Supplied records —
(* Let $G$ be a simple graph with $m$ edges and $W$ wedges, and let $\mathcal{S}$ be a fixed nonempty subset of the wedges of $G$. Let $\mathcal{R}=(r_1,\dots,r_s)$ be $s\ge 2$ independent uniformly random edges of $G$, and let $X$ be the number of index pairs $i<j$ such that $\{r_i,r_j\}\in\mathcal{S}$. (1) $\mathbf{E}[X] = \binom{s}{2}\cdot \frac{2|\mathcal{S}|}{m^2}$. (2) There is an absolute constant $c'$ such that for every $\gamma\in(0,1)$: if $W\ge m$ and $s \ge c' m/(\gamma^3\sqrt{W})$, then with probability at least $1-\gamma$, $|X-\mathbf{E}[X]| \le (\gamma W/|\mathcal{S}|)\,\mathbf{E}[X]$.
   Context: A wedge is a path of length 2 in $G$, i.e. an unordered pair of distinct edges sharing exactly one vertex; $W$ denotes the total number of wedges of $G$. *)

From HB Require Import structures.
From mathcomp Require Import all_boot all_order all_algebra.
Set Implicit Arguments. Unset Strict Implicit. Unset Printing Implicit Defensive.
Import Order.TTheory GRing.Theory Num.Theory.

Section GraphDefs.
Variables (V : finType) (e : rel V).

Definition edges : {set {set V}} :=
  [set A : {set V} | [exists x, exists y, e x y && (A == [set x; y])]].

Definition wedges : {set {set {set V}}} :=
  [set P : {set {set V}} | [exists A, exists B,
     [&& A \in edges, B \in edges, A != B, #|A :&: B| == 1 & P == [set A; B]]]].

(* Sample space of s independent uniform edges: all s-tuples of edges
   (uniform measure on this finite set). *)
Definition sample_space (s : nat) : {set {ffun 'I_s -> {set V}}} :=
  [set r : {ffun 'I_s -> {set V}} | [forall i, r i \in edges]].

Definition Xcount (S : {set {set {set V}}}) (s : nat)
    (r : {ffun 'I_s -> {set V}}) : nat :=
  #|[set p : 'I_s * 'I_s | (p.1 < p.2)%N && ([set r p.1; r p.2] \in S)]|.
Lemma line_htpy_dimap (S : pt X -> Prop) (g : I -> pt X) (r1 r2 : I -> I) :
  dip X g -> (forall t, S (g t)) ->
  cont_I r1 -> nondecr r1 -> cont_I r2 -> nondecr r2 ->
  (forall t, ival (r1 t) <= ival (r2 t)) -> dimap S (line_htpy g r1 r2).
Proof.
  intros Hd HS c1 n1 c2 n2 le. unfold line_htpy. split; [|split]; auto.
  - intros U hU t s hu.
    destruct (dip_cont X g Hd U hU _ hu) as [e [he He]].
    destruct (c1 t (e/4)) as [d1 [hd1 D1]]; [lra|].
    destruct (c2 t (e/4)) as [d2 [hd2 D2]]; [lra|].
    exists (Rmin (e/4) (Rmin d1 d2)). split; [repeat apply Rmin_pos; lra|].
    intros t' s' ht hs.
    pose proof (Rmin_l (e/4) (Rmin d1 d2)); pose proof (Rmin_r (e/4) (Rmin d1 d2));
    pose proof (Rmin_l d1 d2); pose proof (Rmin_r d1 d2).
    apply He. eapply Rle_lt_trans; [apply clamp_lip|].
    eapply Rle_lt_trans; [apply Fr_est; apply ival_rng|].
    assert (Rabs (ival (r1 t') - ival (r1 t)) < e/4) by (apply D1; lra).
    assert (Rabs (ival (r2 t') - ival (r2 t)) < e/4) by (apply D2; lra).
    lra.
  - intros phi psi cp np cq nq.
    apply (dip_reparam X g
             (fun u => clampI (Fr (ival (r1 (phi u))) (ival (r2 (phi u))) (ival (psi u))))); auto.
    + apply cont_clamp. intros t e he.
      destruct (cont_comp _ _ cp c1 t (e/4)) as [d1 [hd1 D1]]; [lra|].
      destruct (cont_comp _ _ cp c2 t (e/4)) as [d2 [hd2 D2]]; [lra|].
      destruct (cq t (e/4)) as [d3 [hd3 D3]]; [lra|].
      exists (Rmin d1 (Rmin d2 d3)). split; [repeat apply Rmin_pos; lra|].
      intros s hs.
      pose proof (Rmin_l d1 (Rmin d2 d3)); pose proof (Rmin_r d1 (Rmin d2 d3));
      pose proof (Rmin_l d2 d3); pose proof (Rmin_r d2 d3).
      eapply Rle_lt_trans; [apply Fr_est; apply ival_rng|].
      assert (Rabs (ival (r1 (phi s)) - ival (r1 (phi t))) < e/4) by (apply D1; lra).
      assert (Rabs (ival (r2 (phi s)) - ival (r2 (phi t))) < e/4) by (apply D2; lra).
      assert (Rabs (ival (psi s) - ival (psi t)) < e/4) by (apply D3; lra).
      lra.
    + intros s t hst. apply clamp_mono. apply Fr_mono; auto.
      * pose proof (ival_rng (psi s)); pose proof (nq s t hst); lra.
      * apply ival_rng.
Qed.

Exercise brief —
Nothing but a number should be written: how many lines of the preceding listing contain "split".

Solution to this problem —
3